» EXERCISE DESCRIPTION
Going through the entries below, count each line containing the word "joins". Report the number only.

DATA TO USE START

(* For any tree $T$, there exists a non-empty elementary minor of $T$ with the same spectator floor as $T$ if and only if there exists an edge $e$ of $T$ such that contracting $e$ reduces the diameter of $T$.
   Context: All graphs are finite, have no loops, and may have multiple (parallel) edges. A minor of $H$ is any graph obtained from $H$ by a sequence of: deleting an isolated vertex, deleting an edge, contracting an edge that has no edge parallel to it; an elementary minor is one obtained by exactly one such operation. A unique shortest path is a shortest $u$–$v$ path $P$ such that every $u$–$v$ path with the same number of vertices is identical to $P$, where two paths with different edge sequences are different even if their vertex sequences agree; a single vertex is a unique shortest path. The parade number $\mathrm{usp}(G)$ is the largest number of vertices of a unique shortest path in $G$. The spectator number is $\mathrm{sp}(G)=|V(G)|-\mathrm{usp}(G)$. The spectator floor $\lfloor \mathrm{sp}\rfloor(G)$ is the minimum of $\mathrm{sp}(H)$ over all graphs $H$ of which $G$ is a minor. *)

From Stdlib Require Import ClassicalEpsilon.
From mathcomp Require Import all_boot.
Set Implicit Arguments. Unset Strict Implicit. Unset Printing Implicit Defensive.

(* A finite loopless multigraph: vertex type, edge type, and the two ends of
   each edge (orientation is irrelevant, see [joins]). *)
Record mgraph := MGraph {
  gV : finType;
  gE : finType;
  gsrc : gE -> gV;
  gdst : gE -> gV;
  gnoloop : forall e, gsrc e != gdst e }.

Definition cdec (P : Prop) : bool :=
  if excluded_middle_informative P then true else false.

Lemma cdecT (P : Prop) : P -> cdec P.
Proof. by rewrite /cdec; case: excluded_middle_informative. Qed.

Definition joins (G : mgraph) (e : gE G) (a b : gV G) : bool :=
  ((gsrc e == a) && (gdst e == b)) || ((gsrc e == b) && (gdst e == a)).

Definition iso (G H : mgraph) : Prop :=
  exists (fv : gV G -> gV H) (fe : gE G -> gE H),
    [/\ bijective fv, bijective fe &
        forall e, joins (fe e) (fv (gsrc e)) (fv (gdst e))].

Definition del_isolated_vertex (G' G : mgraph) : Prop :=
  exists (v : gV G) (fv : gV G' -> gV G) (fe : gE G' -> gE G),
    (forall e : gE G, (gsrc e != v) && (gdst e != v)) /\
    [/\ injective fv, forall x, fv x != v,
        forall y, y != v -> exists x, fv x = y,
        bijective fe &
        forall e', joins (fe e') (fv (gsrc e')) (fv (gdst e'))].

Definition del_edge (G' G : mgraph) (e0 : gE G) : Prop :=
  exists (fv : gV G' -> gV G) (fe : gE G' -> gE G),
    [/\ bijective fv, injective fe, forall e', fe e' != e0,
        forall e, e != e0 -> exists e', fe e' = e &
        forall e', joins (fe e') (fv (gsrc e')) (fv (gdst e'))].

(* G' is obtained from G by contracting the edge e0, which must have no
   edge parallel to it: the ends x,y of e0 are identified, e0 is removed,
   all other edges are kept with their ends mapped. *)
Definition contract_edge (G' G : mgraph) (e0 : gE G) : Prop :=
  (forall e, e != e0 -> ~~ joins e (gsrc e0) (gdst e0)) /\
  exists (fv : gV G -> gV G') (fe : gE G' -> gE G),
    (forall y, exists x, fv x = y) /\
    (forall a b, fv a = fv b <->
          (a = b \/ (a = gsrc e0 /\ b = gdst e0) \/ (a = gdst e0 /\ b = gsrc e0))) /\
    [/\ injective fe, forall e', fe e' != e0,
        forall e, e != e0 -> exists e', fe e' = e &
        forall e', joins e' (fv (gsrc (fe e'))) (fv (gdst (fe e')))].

DATA TO USE END
DATA TO USE START

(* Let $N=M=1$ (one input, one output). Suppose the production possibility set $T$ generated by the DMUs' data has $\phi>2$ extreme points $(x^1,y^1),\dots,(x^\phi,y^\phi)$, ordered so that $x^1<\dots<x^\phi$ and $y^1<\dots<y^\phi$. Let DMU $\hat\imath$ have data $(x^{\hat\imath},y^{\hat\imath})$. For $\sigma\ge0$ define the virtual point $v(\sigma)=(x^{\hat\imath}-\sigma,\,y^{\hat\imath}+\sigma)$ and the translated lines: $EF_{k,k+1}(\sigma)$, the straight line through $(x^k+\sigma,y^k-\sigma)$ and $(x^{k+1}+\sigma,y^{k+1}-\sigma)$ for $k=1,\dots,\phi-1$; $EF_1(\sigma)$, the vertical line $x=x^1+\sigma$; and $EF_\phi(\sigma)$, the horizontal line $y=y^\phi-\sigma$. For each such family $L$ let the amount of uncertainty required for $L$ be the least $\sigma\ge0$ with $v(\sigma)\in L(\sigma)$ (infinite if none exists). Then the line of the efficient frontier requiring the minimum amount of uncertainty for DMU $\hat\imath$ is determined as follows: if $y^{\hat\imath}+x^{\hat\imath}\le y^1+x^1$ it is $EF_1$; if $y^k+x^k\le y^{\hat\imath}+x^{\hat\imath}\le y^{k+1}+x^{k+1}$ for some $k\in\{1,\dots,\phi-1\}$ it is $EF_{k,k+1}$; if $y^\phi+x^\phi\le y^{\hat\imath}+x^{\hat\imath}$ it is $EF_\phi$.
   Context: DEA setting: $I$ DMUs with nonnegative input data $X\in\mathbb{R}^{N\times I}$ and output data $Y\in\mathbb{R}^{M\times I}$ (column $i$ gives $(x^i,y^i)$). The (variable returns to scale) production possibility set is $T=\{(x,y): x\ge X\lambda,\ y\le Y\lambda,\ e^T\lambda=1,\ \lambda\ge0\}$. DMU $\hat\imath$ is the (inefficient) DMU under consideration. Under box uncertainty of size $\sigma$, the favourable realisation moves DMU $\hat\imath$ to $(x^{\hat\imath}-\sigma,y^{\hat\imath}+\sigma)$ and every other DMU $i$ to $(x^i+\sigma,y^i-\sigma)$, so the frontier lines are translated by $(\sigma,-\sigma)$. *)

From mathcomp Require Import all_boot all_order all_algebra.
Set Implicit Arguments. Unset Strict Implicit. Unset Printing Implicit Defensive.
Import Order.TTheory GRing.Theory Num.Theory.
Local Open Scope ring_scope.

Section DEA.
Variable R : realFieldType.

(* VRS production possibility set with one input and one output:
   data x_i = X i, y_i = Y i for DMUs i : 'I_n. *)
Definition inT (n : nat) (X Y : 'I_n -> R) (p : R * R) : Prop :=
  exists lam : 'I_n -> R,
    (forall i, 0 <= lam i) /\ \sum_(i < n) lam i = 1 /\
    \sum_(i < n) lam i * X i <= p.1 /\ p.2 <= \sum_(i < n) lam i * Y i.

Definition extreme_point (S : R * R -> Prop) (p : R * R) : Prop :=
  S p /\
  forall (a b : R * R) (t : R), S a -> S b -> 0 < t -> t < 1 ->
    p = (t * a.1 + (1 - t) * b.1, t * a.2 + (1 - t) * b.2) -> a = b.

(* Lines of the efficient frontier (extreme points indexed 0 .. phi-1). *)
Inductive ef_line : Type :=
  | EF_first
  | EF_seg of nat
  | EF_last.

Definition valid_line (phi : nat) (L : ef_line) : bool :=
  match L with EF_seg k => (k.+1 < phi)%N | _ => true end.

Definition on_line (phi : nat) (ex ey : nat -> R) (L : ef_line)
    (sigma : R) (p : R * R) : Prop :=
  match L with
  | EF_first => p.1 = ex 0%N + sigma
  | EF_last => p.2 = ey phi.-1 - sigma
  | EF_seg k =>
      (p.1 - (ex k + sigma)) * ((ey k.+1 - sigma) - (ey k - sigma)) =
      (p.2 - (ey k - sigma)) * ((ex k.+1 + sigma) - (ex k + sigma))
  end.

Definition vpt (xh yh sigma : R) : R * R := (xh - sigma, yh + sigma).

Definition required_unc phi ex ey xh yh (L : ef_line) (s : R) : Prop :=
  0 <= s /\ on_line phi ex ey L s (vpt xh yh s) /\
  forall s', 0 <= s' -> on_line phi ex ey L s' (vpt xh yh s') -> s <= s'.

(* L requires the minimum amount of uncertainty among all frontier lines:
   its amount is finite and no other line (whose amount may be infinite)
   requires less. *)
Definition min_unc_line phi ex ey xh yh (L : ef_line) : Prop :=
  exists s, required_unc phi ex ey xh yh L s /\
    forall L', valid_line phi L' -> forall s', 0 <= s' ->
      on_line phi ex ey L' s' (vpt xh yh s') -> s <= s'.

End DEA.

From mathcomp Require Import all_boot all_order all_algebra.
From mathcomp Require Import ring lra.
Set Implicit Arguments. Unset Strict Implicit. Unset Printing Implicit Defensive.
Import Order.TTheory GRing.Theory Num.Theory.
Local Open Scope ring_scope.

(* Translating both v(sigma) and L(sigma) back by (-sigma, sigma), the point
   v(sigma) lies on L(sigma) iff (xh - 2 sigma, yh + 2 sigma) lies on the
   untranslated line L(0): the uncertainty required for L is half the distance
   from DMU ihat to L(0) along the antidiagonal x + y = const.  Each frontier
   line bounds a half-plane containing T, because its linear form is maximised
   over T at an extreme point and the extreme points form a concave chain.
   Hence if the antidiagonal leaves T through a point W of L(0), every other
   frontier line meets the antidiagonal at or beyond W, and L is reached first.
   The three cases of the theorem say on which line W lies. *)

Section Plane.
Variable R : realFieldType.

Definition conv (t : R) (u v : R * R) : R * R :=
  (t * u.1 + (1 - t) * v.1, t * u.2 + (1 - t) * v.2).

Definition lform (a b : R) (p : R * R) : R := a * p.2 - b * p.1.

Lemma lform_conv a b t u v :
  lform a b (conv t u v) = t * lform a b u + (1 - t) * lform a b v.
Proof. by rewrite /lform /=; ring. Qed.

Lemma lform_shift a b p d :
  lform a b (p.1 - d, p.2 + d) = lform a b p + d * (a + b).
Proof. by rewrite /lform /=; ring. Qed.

DATA TO USE END

» EXERCISE OUTPUT
7